EXERCISE GOAL. List each line of the data in which the string "first" appears.
[[ RECORDS TO USE, beginning ]]
(* Let $i\in\{1,\dots,N\}$, $\mathbb I\subset\{i-2K,\dots,i+2K\}$ and $k,l\notin\mathbb I$. Then $|G^{(\mathbb I)}_{kl}|\le 8K^2\Gamma^2\gamma$.
   Context: $K\ge1$ is an integer. $H$ is an $N\times N$ real symmetric matrix, $z\in\mathbb C^+$, $G=(H-z)^{-1}$. For $\mathbb T\subset\{1,\dots,N\}$, $H^{(\mathbb T)}$ has entries $H_{ij}\mathbf 1_{i\notin\mathbb T}\mathbf 1_{j\notin\mathbb T}$ and $G^{(\mathbb T)}=(H^{(\mathbb T)}-z)^{-1}$; $A_{\mathbb S,\mathbb U}$ denotes a submatrix. Control parameters: $\Gamma=1\vee\max_{i,j}|G_{ij}|$ and $\gamma=1\vee\sup_i\sup_{\mathbb I,\mathbb J}\|(G^{(\mathbb J)}_{\mathbb I,\mathbb I})^{-1}\|$, where the inner supremum is over all disjoint $\mathbb I,\mathbb J\subset\{i-2K,\dots,i+2K\}$ and $\|\cdot\|$ is the operator norm. *)

(* Complex scalars: an arbitrary numClosedFieldType C
   (e.g. the complex numbers); "real" entries are those with x \is Num.real. *)
From HB Require Import structures.
From mathcomp Require Import all_boot all_order all_algebra.
Set Implicit Arguments. Unset Strict Implicit. Unset Printing Implicit Defensive.
Import Order.TTheory GRing.Theory Num.Theory.
Local Open Scope ring_scope.

Definition minor_mat (C : numClosedFieldType) (N : nat) (T : {set 'I_N})
  (H : 'M[C]_N) : 'M[C]_N :=
  \matrix_(i, j) (if (i \notin T) && (j \notin T) then H i j else 0).

Definition resolvent (C : numClosedFieldType) (N : nat) (H : 'M[C]_N) (z : C)
  : 'M[C]_N := invmx (H - z%:M).

(* A_{S,S}: the principal submatrix indexed by S (in increasing order) *)
Definition subm (C : numClosedFieldType) (N : nat) (A : 'M[C]_N)
  (S : {set 'I_N}) : 'M[C]_#|S| :=
  \matrix_(a, b) A (enum_val a) (enum_val b).

Definition window (N K : nat) (i : 'I_N) : {set 'I_N} :=
  [set j : 'I_N | (i <= j + 2 * K)%N && (j <= i + 2 * K)%N].

Definition vnorm2 (C : numClosedFieldType) (n : nat) (v : 'cV[C]_n) : C :=
  \sum_j `|v j 0| ^+ 2.

(* ||A|| <= g  (operator norm w.r.t. Euclidean norm), for g >= 0 *)
Definition opnorm_le (C : numClosedFieldType) (n : nat) (A : 'M[C]_n) (g : C)
  : Prop := forall v : 'cV[C]_n, vnorm2 (A *m v) <= g ^+ 2 * vnorm2 v.

Definition Gamma (C : numClosedFieldType) (N : nat) (G : 'M[C]_N) : C :=
  \big[Num.max/1]_(p : 'I_N * 'I_N) `|G p.1 p.2|.

From HB Require Import structures.
From mathcomp Require Import all_boot all_order all_algebra.
From mathcomp Require Import ring zify.
Set Implicit Arguments. Unset Strict Implicit. Unset Printing Implicit Defensive.
Import Order.TTheory GRing.Theory Num.Theory.
Local Open Scope ring_scope.

(* Schur complement: with P the selection of the rows in I,
   G^(I) = G - G P^T (P G P^T)^-1 P G on every column l outside I.  The
   second term is the bilinear form of ||(G_II)^-1|| <= g against two vectors
   of at most #|I| <= 4K + 1 entries bounded by Gamma, so by Cauchy-Schwarz
   it is at most #|I| g Gamma^2, and
   Gamma + (4K + 1) g Gamma^2 <= 8 K^2 g Gamma^2. *)

Section Selection.
Variables (C : numClosedFieldType) (N : nat) (I : {set 'I_N}).

Definition sel_mx : 'M[C]_(#|I|, N) := \matrix_(p, j) (enum_val p == j)%:R.

Definition cosel_mx : 'M[C]_N := 1%:M - sel_mx^T *m sel_mx.

Lemma mulmx_sel_trE m (A : 'M[C]_(m, N)) k p :
  (A *m sel_mx^T) k p = A k (enum_val p).
Proof.
rewrite mxE (bigD1 (enum_val p)) //= big1 ?addr0.
  by rewrite !mxE eqxx mulr1.
by move=> j /negPf hj; rewrite !mxE eq_sym hj mulr0.
Qed.

Lemma sel_mulmxE m (A : 'M[C]_(N, m)) p l :
  (sel_mx *m A) p l = A (enum_val p) l.
Proof.
rewrite mxE (bigD1 (enum_val p)) //= big1 ?addr0.
  by rewrite !mxE eqxx mul1r.
by move=> j /negPf hj; rewrite !mxE eq_sym hj mul0r.
Qed.

Lemma sel_mulmx_tr : sel_mx *m sel_mx^T = 1%:M.
Proof.
by apply/matrixP => p q; rewrite mulmx_sel_trE !mxE (inj_eq enum_val_inj).
Qed.

Lemma sel_tr_mulmx_selE m (A : 'M[C]_(N, m)) j c :
  (sel_mx^T *m (sel_mx *m A)) j c = (j \in I)%:R * A j c.
Proof.
rewrite mxE; under eq_bigr => p _ do rewrite sel_mulmxE !mxE.
have [jI | jNI] := boolP (j \in I).
  rewrite (bigD1 (enum_rank_in jI j)) //= big1 ?addr0.
    by rewrite enum_rankK_in // eqxx.
  move=> p pNj; case: eqP => [pj | _]; last by rewrite mul0r.
  by move: pNj; rewrite -{2}pj enum_valK_in eqxx.
rewrite big1 ?mul0r // => p _; case: eqP => [pj | _]; last by rewrite mul0r.
by move: jNI; rewrite -pj enum_valP.
Qed.

Lemma cosel_mulmxE m (A : 'M[C]_(N, m)) j c :
  (cosel_mx *m A) j c = (j \notin I)%:R * A j c.
Proof.
rewrite mulmxBl mul1mx -mulmxA [LHS]mxE [X in _ + X]mxE sel_tr_mulmx_selE.
by case: (j \in I); rewrite ?mul1r ?mul0r ?subrr ?subr0.
Qed.

Lemma mulmx_coselE m (A : 'M[C]_(m, N)) j c :
  (A *m cosel_mx) j c = (c \notin I)%:R * A j c.
Proof.
have coselT : cosel_mx^T = cosel_mx.
  by rewrite /cosel_mx linearB /= trmx1 trmx_mul trmxK.
by rewrite -[A *m _]trmxK trmx_mul coselT [LHS]mxE cosel_mulmxE mxE.
Qed.

Lemma subm_sel (G : 'M[C]_N) : subm G I = sel_mx *m G *m sel_mx^T.
Proof. by apply/matrixP => p q; rewrite mulmx_sel_trE sel_mulmxE mxE. Qed.

Lemma minor_mat_cosel (H : 'M[C]_N) :
  minor_mat I H = cosel_mx *m H *m cosel_mx.
Proof.
apply/matrixP => j c; rewrite mulmx_coselE cosel_mulmxE !mxE.
by case: (j \in I); case: (c \in I); rewrite ?mul0r ?mul1r.
Qed.

End Selection.

Lemma minor_mat_set0 (C : numClosedFieldType) N (H : 'M[C]_N) :
  minor_mat set0 H = H.
Proof. by apply/matrixP => a b; rewrite !mxE !in_set0. Qed.

Lemma minor_mat_real (C : numClosedFieldType) N (J : {set 'I_N}) (S : 'M[C]_N) :
  (forall i j, S i j \is Num.real) ->
  forall i j, minor_mat J S i j \is Num.real.
Proof. by move=> Sr i j; rewrite mxE; case: ifP. Qed.

Lemma tr_minor_mat (C : numClosedFieldType) N (J : {set 'I_N}) (S : 'M[C]_N) :
  (minor_mat J S)^T = minor_mat J S^T.
Proof. by apply/matrixP => i j; rewrite !mxE andbC. Qed.

Lemma real_sym_sub_scalar_unitmx (C : numClosedFieldType) N (S : 'M[C]_N) z :
  (forall i j, S i j \is Num.real) -> S^T = S ->
  0 < 'Im z -> S - z%:M \in unitmx.
Proof.
move=> Sr /matrixP STS Hz.
have Ss i j : S i j = S j i by rewrite -[in LHS]STS mxE.
rewrite unitmxE unitfE; apply/negP => /det0P [v vn0 hv].
have vS : v *m S = z *: v.
  by apply/eqP; rewrite -subr_eq0 -mul_mx_scalar -mulmxBr hv.
pose t := \sum_j `|v 0 j| ^+ 2.
pose s := \sum_j (v *m S) 0 j * (v 0 j)^*.
have st : s = z * t.
  rewrite /s /t vS mulr_sumr; apply: eq_bigr => j _.
  by rewrite mxE normCK mulrA.
(* s = v S v^* is a Hermitian form, hence real *)
have s_real : s \is Num.real.
  apply/CrealP; rewrite /s rmorph_sum /=.
  under eq_bigr => j _ do rewrite mxE rmorphM /= conjCK rmorph_sum mulr_suml.
  rewrite exchange_big /=; apply: eq_bigr => a _.
  rewrite mxE mulr_suml; apply: eq_bigr => j _.
  rewrite rmorphM /= (conj_Creal (Sr _ _)) (Ss j a); ring.
have t_neq0 : t != 0.
  apply/negP => /eqP /psumr_eq0P t0.
  apply/negP: vn0; rewrite negbK; apply/eqP/matrixP => i j.
  rewrite (ord1 i) mxE; apply/eqP; rewrite -normr_eq0 -sqrf_eq0; apply/eqP.
  by apply: t0 => // k _; rewrite exprn_ge0.
have t_real : t \is Num.real.
  by apply: sum_real => j _; rewrite ger0_real ?exprn_ge0.
have z_real : z \is Num.real by rewrite -[z](mulfK t_neq0) -st rpredM ?rpredV.
by move/Creal_ImP: z_real Hz => ->; rewrite ltxx.
Qed.

Section SchurComplement.
Variables (C : numClosedFieldType) (N : nat) (H : 'M[C]_N) (z : C).
Variable I : {set 'I_N}.
Hypotheses (HzU : H - z%:M \in unitmx) (HIzU : minor_mat I H - z%:M \in unitmx).
Local Notation G := (resolvent H z).
Local Notation P := (sel_mx C I).
Hypothesis GIU : subm G I \in unitmx.
Local Notation Ai := (invmx (subm G I)).

Lemma resolvent_minor_cosel :
  resolvent (minor_mat I H) z *m cosel_mx C I = G - G *m P^T *m Ai *m P *m G.
Proof.
set Q := cosel_mx C I; set At := P^T *m Ai *m P; set Y := G - _.
have YE : Y = G - G *m At *m G by rewrite /Y /At !mulmxA.
have MG : (H - z%:M) *m G = 1%:M by rewrite mulmxV.
have PtPGAt : P^T *m P *m G *m At = P^T *m P.
  have -> : P^T *m P *m G *m At = P^T *m (P *m G *m P^T *m Ai) *m P.
    by rewrite /At !mulmxA.
  by rewrite -subm_sel mulmxV // mulmx1.
have QY : Q *m Y = Y.
  rewrite /Q mulmxBl mul1mx YE [X in _ - X]mulmxBr.
  by rewrite !(mulmxA (P^T *m P)) PtPGAt subrr subr0.
have QAt : Q *m At = 0.
  rewrite /Q /At mulmxBl mul1mx !mulmxA -(mulmxA _ P P^T) sel_mulmx_tr.
  by rewrite mulmx1 subrr.
have MY : (H - z%:M) *m Y = 1%:M - At *m G.
  by rewrite YE mulmxBr MG !mulmxA MG mul1mx.
have MIY : (minor_mat I H - z%:M) *m Y = Q.
  rewrite minor_mat_cosel -/Q mulmxBl -(mulmxA (Q *m H)) QY -mulmxA.
  rewrite -[in X in _ - X]QY (mulmxA z%:M) -scalar_mxC -(mulmxA Q).
  rewrite -mulmxBr -mulmxBl MY.
  by rewrite mulmxBr mulmx1 mulmxA QAt mul0mx subr0.
by rewrite -MIY mulmxA mulVmx // mul1mx.
Qed.

Lemma resolvent_minorE k l : l \notin I ->
  resolvent (minor_mat I H) z k l =
  G k l - (row k (G *m P^T) *m Ai *m col l (P *m G)) 0 0.
Proof.
move=> lNI.
have -> : (row k (G *m P^T) *m Ai *m col l (P *m G)) 0 0
    = (G *m P^T *m Ai *m P *m G) k l.
  rewrite -row_mul -mulmxA -(mulmxA _ P) [RHS]mxE mxE.
  by apply: eq_bigr => p _; rewrite !mxE.
have -> : resolvent (minor_mat I H) z k l
    = (resolvent (minor_mat I H) z *m cosel_mx C I) k l.
  by rewrite mulmx_coselE lNI mul1r.
by rewrite resolvent_minor_cosel [LHS]mxE [X in _ + X]mxE.
Qed.

End SchurComplement.

Lemma sqr_sum_le (C : numClosedFieldType) n (a : 'I_n -> C) :
  (forall p, a p \is Num.real) ->
  (\sum_p a p) ^+ 2 <= n%:R * \sum_p a p ^+ 2.
Proof.
move=> a_real.
(* the difference is half the sum of all the squares (a p - a q)^2 *)
have sum_sqr_diff : \sum_p \sum_q (a p - a q) ^+ 2 =
    2%:R * (n%:R * \sum_p a p ^+ 2 - (\sum_p a p) ^+ 2).
  have sqrB p q : (a p - a q) ^+ 2 = a p ^+ 2 + a q ^+ 2 - 2%:R * (a p * a q).
    by ring.
  under eq_bigr => p _ do under eq_bigr => q _ do rewrite sqrB.
  rewrite expr2 big_distrlr /=.
  under eq_bigr => p _
    do rewrite !big_split /= sumr_const card_ord sumrN -mulr_sumr.
  rewrite !big_split /= sumr_const card_ord sumrN -mulr_sumr sumrMnl.
  by rewrite -mulr_natl; ring.
have : 0 <= \sum_p \sum_q (a p - a q) ^+ 2.
  by apply: sumr_ge0 => p _; apply: sumr_ge0 => q _; rewrite -realEsqr rpredB.
by rewrite sum_sqr_diff pmulr_rge0 // subr_ge0.
Qed.

Lemma norm_bilinear_le (C : numClosedFieldType) n (A : 'M[C]_n) (g a b : C)
    (u : 'rV[C]_n) (v : 'cV[C]_n) :
  0 <= g -> 0 <= a -> 0 <= b -> opnorm_le A g ->
  (forall p, `|u 0 p| <= a) -> (forall p, `|v p 0| <= b) ->
  `|(u *m A *m v) 0 0| <= n%:R * g * a * b.
Proof.
move=> g0 a0 b0 Ag ua vb; rewrite -mulmxA; set x := A *m v.
have vn : vnorm2 v <= n%:R * b ^+ 2.
  rewrite mulr_natl -[X in _ *+ X](card_ord n) -sumr_const.
  by apply: ler_sum => p _; rewrite !expr2 ler_pM.
have xn : vnorm2 x <= g ^+ 2 * (n%:R * b ^+ 2).
  by apply: le_trans (Ag v) _; rewrite ler_wpM2l ?exprn_ge0.
have sum_x : \sum_p `|x p 0| <= n%:R * g * b.
  have sum_x0 : 0 <= \sum_p `|x p 0| by rewrite sumr_ge0.
  have ngb0 : 0 <= n%:R * g * b by rewrite !mulr_ge0.
  rewrite -ler_sqr ?nnegE //.
  apply: le_trans (sqr_sum_le (fun p => normr_real (x p 0))) _.
  apply: le_trans (ler_wpM2l (ler0n _ n) xn) _.
  by rewrite le_eqVlt; apply/orP; left; apply/eqP; ring.
rewrite mxE; apply: le_trans (ler_norm_sum _ _ _) _.
apply: le_trans (_ : _ <= \sum_p a * `|x p 0|) _.
  by apply: ler_sum => p _; rewrite normrM ler_wpM2r.
by rewrite -mulr_sumr mulrC mulrAC ler_wpM2r.
Qed.

Lemma bigmax1_ge (C : numClosedFieldType) (T : eqType) (r : seq T)
    (F : T -> C) :
  (forall x, 0 <= F x) ->
  1 <= \big[Num.max/1]_(x <- r) F x /\
  forall x, x \in r -> F x <= \big[Num.max/1]_(x <- r) F x.
Proof.
move=> F0; elim: r => [|y r [ge1 geF]]; first by rewrite big_nil lexx.
(* Num.max is only monotone on comparable arguments; all values here are real *)
have cmp : F y >=< \big[Num.max/1]_(x <- r) F x.
  by rewrite real_comparable ?ger0_real // (le_trans _ ge1).
rewrite big_cons; split; first by rewrite comparable_le_max // ge1 orbT.
move=> x; rewrite inE => /orP [/eqP -> | xr].
  by rewrite comparable_le_max // lexx.
by rewrite comparable_le_max // geF // orbT.
Qed.

Lemma Gamma_ge1 (C : numClosedFieldType) N (G : 'M[C]_N) : 1 <= Gamma G.
Proof.
by case: (bigmax1_ge (index_enum _) (fun p => normr_ge0 (G p.1 p.2))).
Qed.

Lemma norm_le_Gamma (C : numClosedFieldType) N (G : 'M[C]_N) a b :
  `|G a b| <= Gamma G.
Proof.
have [_ geF] := bigmax1_ge (index_enum _) (fun p => normr_ge0 (G p.1 p.2)).
exact: (geF (a, b) (mem_index_enum _)).
Qed.

Lemma card_window N K (i : 'I_N) : (#|window K i| <= 4 * K + 1)%N.
Proof.
pose f (j : 'I_N) : 'I_(4 * K).+1 := inord (j + 2 * K - i).
have f_inj : {in window K i &, injective f}.
  move=> a b; rewrite !inE => /andP [a1 a2] /andP [b1 b2].
  move/(congr1 (@nat_of_ord _)).
  by rewrite /f !inordK; try lia; move=> fab; apply: val_inj => /=; lia.
by rewrite -(card_in_imset f_inj) (leq_trans (max_card _)) // card_ord; lia.
Qed.

Theorem corollary3p2 (C : numClosedFieldType) (N K : nat) (H : 'M[C]_N)
  (z : C) (g : C)
  (HK : (1 <= K)%N)
  (Hreal : forall i j, H i j \is Num.real)
  (Hsym : H^T = H)
  (Hz : 0 < 'Im z)
  (Hg1 : 1 <= g)
  (Hg : forall (i : 'I_N) (I J : {set 'I_N}),
      I \subset window K i -> J \subset window K i -> [disjoint I & J] ->
      subm (resolvent (minor_mat J H) z) I \in unitmx /\
      opnorm_le (invmx (subm (resolvent (minor_mat J H) z) I)) g)
  (i : 'I_N) (I : {set 'I_N}) (k l : 'I_N)
  (HI : I \subset window K i) (Hk : k \notin I) (Hl : l \notin I) :
  `|resolvent (minor_mat I H) z k l|
    <= 8%:R * (K ^ 2)%:R * Gamma (resolvent H z) ^+ 2 * g.
Proof.
set G := resolvent H z; set Ga := Gamma G.
have HzU := real_sym_sub_scalar_unitmx Hreal Hsym Hz.
have HIzU : minor_mat I H - z%:M \in unitmx.
  apply: real_sym_sub_scalar_unitmx Hz; first exact: minor_mat_real.
  by rewrite tr_minor_mat Hsym.
have [GIU GIg] : subm G I \in unitmx /\ opnorm_le (invmx (subm G I)) g.
  rewrite /G -[H]minor_mat_set0; apply: (Hg i) => //; first exact: sub0set.
  by rewrite -setI_eq0 setI0.
have Ga1 : 1 <= Ga := Gamma_ge1 G.
have [Ga0 g0] : 0 <= Ga /\ 0 <= g by split; apply: le_trans ler01 _.
have cardI : (#|I|%:R : C) <= (4 * K + 1)%:R.
  by rewrite ler_nat (leq_trans (subset_leq_card HI)) ?card_window.
rewrite resolvent_minorE //; apply: le_trans (ler_normB _ _) _.
apply: le_trans (lerD (norm_le_Gamma G k l)
  (norm_bilinear_le g0 Ga0 Ga0 GIg _ _)) _.
- by move=> p; rewrite mxE mulmx_sel_trE norm_le_Gamma.
- by move=> p; rewrite mxE sel_mulmxE norm_le_Gamma.
set t := g * Ga ^+ 2.
have Ga_le_t : Ga <= t by rewrite /t expr2 mulrA ler_peMl // mulr_ege1.
have -> : #|I|%:R * g * Ga * Ga = #|I|%:R * t by rewrite /t; ring.
have -> : 8%:R * (K ^ 2)%:R * Ga ^+ 2 * g = (8 * K ^ 2)%:R * t.
  by rewrite /t natrM; ring.
have t0 : 0 <= t by rewrite mulr_ge0 ?exprn_ge0.
apply: le_trans (lerD Ga_le_t (ler_wpM2r t0 cardI)) _.
rewrite -[X in X + _]mul1r -mulrDl -(natrD C 1) ler_wpM2r //.
by rewrite ler_nat; clear -HK; nia.
Qed.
[[ RECORDS TO USE, end ]]
RESPONSE TO THE TASK.
move=> F0; elim: r => [|y r [ge1 geF]]; first by rewrite big_nil lexx.
rewrite big_cons; split; first by rewrite comparable_le_max // ge1 orbT.
  apply: real_sym_sub_scalar_unitmx Hz; first exact: minor_mat_real.
  rewrite /G -[H]minor_mat_set0; apply: (Hg i) => //; first exact: sub0set.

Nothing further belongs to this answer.